Our linguistic approach • Usage-based study of Estonian grammar • How does the language evolve, both in history (e.g. the fiction of 1890s and 1990s) and in language acquisition (through levels A1–C2, L2 vs. L1)? • Detecting patterns of language use: • How are a) parts of speech (verbs, nouns, adverbs etc.); b) words with a certain morphological forms (e.g. singular noun in genitive case, 3rd person verb in Past Simple tense); and c) words with a certain syntactic function (e.g. subject, object, adverbial) combined with each other? • Which words/phrases are used in these structures?
Linguistic Cluster Analysis Tool Klastrileidja (Cluster Catcher)
Automated writing assessment • E.g., IntelliMetric and e-rater used for scoring essays, SpeechRater for speech scoring • CEFR-based (A1–C2) grading prototypes developed for German (Hancke, 2013), Czech (Rysová et al., 2016), Swedish (Pilán, 2018), English short answers (Tack et al., 2017) • Promising attempts for predicting the CEFR level of Estonian learner texts based on EIC • Vajjala & Lõo, 2014 (accuracy: up to 79%) • Hallik, 2016 • Kossinski, 2018 (accuracy: appr. 72%)

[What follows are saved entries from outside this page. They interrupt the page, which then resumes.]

Lemma qbinom_pascal (q : R) (n k : nat) : 0 < q ->
  qbinom q (S n + S k) (S k)
  = q ^ S n * qbinom q (S n + k) k + qbinom q (n + S k) (S k).
Proof.
  intros Hq; rewrite !qbinom_add.
  replace (S n + S k)%nat with (S (S n + k)) by lia.
  replace (n + S k)%nat with (S n + k)%nat by lia.
  change (qfact q (S ?m)) with (qfact q m * qint q (S m)).
  replace (S (S n + k)) with (S n + S k)%nat by lia.
  rewrite (qint_add q (S n) (S k)).
  pose proof (qfact_pos q (S n + k) Hq); pose proof (qfact_pos q k Hq);
    pose proof (qfact_pos q n Hq).
  pose proof (qint_pos q (S k) Hq ltac:(lia)); pose proof (qint_pos q (S n) Hq ltac:(lia)).
  field; repeat split; lra.
Qed.

Definition mkz_weight (q x : R) (n k : nat) : R := qbinom q (n + k) k * x ^ k.

Definition mkz_node (q : R) (n k : nat) : R := qint q k / qint q (k + n).

Lemma MKZ_lt_1 (n : nat) (q : R) (h : R -> R) (x : R) : x < 1 ->
  MKZ n q h x
  = qprod q x n * Series (fun k => mkz_weight q x n k * h (mkz_node q n k)).
Proof. intros Hx; unfold MKZ; destruct (Rlt_dec x 1); [reflexivity | lra]. Qed.

Lemma MKZ_1 (n : nat) (q : R) (h : R -> R) : MKZ n q h 1 = h 1.
Proof. unfold MKZ; destruct (Rlt_dec 1 1); [lra | reflexivity]. Qed.

Lemma mkz_node_0 (q : R) (n : nat) : mkz_node q n 0 = 0.
Proof. unfold mkz_node; rewrite qint_0; unfold Rdiv; ring. Qed.

Lemma mkz_node_in_I (q : R) (n k : nat) : 0 < q -> inI (mkz_node q n k).
Proof.
  intros Hq; destruct k as [|k]; [rewrite mkz_node_0; unfold inI; lra |].
  pose proof (qint_pos q (S k) Hq ltac:(lia)); pose proof (qint_le_add q (S k) n Hq).
  unfold mkz_node, inI; split.
  - apply Rdiv_le_0_compat; lra.
  - apply Rle_div_l; lra.
Qed.

Lemma mkz_weight_node (q x : R) (n k : nat) : 0 < q ->
  mkz_weight q x n (S k) * mkz_node q n (S k) = x * mkz_weight q x n k.
Proof.
  intros Hq; unfold mkz_node, mkz_weight; rewrite !qbinom_add.
  replace (n + S k)%nat with (S (n + k)) by lia.
  replace (S k + n)%nat with (S (n + k)) by lia.
  change (qfact q (S ?m)) with (qfact q m * qint q (S m)).
  pose proof (qfact_pos q (n + k) Hq); pose proof (qfact_pos q k Hq);
    pose proof (qfact_pos q n Hq).
  pose proof (qint_pos q (S k) Hq ltac:(lia)); pose proof (qint_pos q (S (n + k)) Hq ltac:(lia)).
  simpl pow; field; repeat split; lra.
Qed.

Lemma mkz_node_S_le (q : R) (n k : nat) : 0 < q <= 1 -> (1 <= n)%nat ->
  mkz_node q n (S k) <= mkz_node q n k + / qint q n.
Proof.
  intros Hq Hn; unfold mkz_node.
  set (e := qint q n); set (a := qint q k); set (A := qint q (k + n)).
  assert (HSk : qint q (S k) = a + q ^ k) by apply qint_S.
  assert (HSkn : qint q (S k + n) = A + q ^ k * q ^ n) by (rewrite <- pow_add; apply qint_S).
  assert (HA : A = e + q ^ n * a) by (unfold A; rewrite Nat.add_comm; apply qint_add).
  assert (He : 0 < e) by (apply qint_pos; [lra | exact Hn]).
  assert (HeA : e <= A) by (unfold A; rewrite Nat.add_comm; apply qint_le_add; lra).
  assert (Hqk : 0 < q ^ k <= 1) by (split; [apply pow_lt | apply pow_le_one]; lra).
  assert (Hqn : 0 < q ^ n) by (apply pow_lt; lra).
  assert (Ha : 0 <= a) by (apply qint_nonneg; lra).
  assert (Hqkn : 0 < q ^ k * q ^ n) by (apply Rmult_lt_0_compat; lra).
  rewrite HSk, HSkn.
  assert (Hdiff : (a + q ^ k) / (A + q ^ k * q ^ n) - a / A
                  = q ^ k * e / ((A + q ^ k * q ^ n) * A))
    by (rewrite HA in *; field; split; apply Rgt_not_eq; nra).
  assert (Hgap : q ^ k * e / ((A + q ^ k * q ^ n) * A) <= / e).
  { apply Rle_div_l; [apply Rmult_lt_0_compat; lra |].
    apply (Rmult_le_reg_l e); [exact He |].
    rewrite <- (Rmult_assoc e (/ e)), Rinv_r, Rmult_1_l by lra.
    assert (e * e <= (A + q ^ k * q ^ n) * A) by (apply Rmult_le_compat; lra).
    assert (0 <= e * e) by nra.
    nra. }
  lra.
Qed.

Lemma sum_n_S_R (a : nat -> R) (K : nat) : sum_n a (S K) = sum_n a K + a (S K).
Proof. rewrite sum_Sn; reflexivity. Qed.

Lemma is_series_linear_rec (a c : nat -> R) (r L : R) :
  0 <= r < 1 -> (forall k, 0 <= a k) -> (forall k, 0 <= c k) ->
  a 0%nat = c 0%nat -> (forall k, a (S k) = r * a k + c (S k)) ->
  is_series c L -> is_series a (L / (1 - r)).
Proof.
  intros Hr Ha Hc H0 Hrec HL.
  assert (Hpartial : forall K, sum_n a K * (1 - r) = sum_n c K - r * a K).
  { induction K as [|K IH].
    - rewrite !sum_O, H0; ring.
    - rewrite !sum_n_S_R, Hrec.
      replace ((sum_n a K + (r * a K + c (S K))) * (1 - r))
        with (sum_n a K * (1 - r) + (r * a K + c (S K)) * (1 - r)) by ring.
      rewrite IH; ring. }
  assert (Hcle : forall K, sum_n c K <= L).
  { apply is_lim_seq_incr_compare; [exact HL |].
    intros K; rewrite sum_n_S_R; pose proof (Hc (S K)); lra. }
  assert (Hbounded : ex_finite_lim_seq (sum_n a)).
  { apply ex_finite_lim_seq_incr with (M := L / (1 - r)).
    - intros K; rewrite sum_n_S_R; pose proof (Ha (S K)); lra.
    - intros K; apply Rle_div_r; [lra |].
      rewrite Hpartial; pose proof (Hcle K); pose proof (Ha K); nra. }
  assert (Hex : ex_series a) by (destruct Hbounded as [l Hl]; exists l; exact Hl).
  change (is_lim_seq (sum_n a) (L / (1 - r))).
  apply is_lim_seq_ext with (fun K => (sum_n c K - r * a K) / (1 - r)).
  - intros K; rewrite <- Hpartial; field; lra.
  - replace (L / (1 - r)) with ((L - r * 0) / (1 - r)) by (f_equal; ring).
    apply is_lim_seq_div'; [| apply is_lim_seq_const | lra].
    apply is_lim_seq_minus'; [exact HL |].
    apply (is_lim_seq_scal_l a r 0), ex_series_lim_0, Hex.
Qed.

Lemma mkz_weight_nonneg (q x : R) (n k : nat) : 0 < q -> 0 <= x -> 0 <= mkz_weight q x n k.
Proof.
  intros Hq Hx; unfold mkz_weight.
  pose proof (qbinom_add_pos q n k Hq); pose proof (pow_le x k Hx); nra.
Qed.

Lemma qprod_pos (q x : R) (n : nat) : 0 < q <= 1 -> 0 <= x < 1 -> 0 < qprod q x n.
Proof.
  intros Hq Hx; induction n as [|n IH]; simpl; [lra |].
  assert (q ^ S n <= 1) by (apply pow_le_one; lra).
  assert (0 <= q ^ S n) by (apply pow_le; lra).
  apply Rmult_lt_0_compat; [exact IH | simpl in *; nra].
Qed.

Lemma qprod_0 (q : R) (n : nat) : qprod q 0 n = 1.
Proof. induction n as [|n IH]; simpl; [ring | rewrite IH; ring]. Qed.

Lemma is_series_mkz_weight (q x : R) (n : nat) : 0 < q <= 1 -> 0 <= x < 1 ->
  is_series (mkz_weight q x n) (/ qprod q x n).
Proof.
  intros Hq Hx; induction n as [|n IH].
  - apply is_series_ext with (fun k => x ^ k).
    + intros k; unfold mkz_weight; rewrite qbinom_0_add; lra.
    + apply is_series_geom; rewrite Rabs_right; lra.
  - set (r := q ^ S n * x).
    assert (Hr : 0 <= r < 1).
    { assert (q ^ S n <= 1) by (apply pow_le_one; lra).
      assert (0 <= q ^ S n) by (apply pow_le; lra).
      unfold r; split; nra. }
    replace (/ qprod q x (S n)) with (/ qprod q x n / (1 - r))
      by (pose proof (qprod_pos q x n Hq Hx);
          change (qprod q x (S n)) with (qprod q x n * (1 - r)); field; split; lra).
    apply is_series_linear_rec with (c := mkz_weight q x n); auto.
    + intros k; apply mkz_weight_nonneg; lra.
    + intros k; apply mkz_weight_nonneg; lra.
    + unfold mkz_weight; rewrite !qbinom_add_0; lra.
    + intros k; unfold mkz_weight, r; rewrite qbinom_pascal by lra; simpl pow; ring.
Qed.

Lemma is_series_mkz_first_moment (q x : R) (n : nat) : 0 < q <= 1 -> 0 <= x < 1 ->
  is_series (fun k => mkz_weight q x n k * mkz_node q n k) (x / qprod q x n).
Proof.
  intros Hq Hx; apply is_series_decr_1.
  rewrite mkz_node_0.
  change (@plus R_NormedModule ?a (@opp R_NormedModule ?b)) with (a - b).
  replace (x / qprod q x n - mkz_weight q x n 0 * 0) with (x * / qprod q x n)
    by (unfold Rdiv; ring).
  apply is_series_ext with (fun k => x * mkz_weight q x n k).
  - intros k; rewrite mkz_weight_node by lra; reflexivity.
  - exact (is_series_scal_l x _ _ (is_series_mkz_weight q x n Hq Hx)).
Qed.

Let’s give our prototype a try! • http://minitorn.tlu.ee/~jaagup/oma/too/19/03/tasemed1.php (Kossinski, 2018)
Discussion! 15 minutes • What would you as a language learner expect from language technological tools? • Why would you use it? In which situations?
End discussion • Which connections do you see between your research area and language technology? • What suggestions could you give me?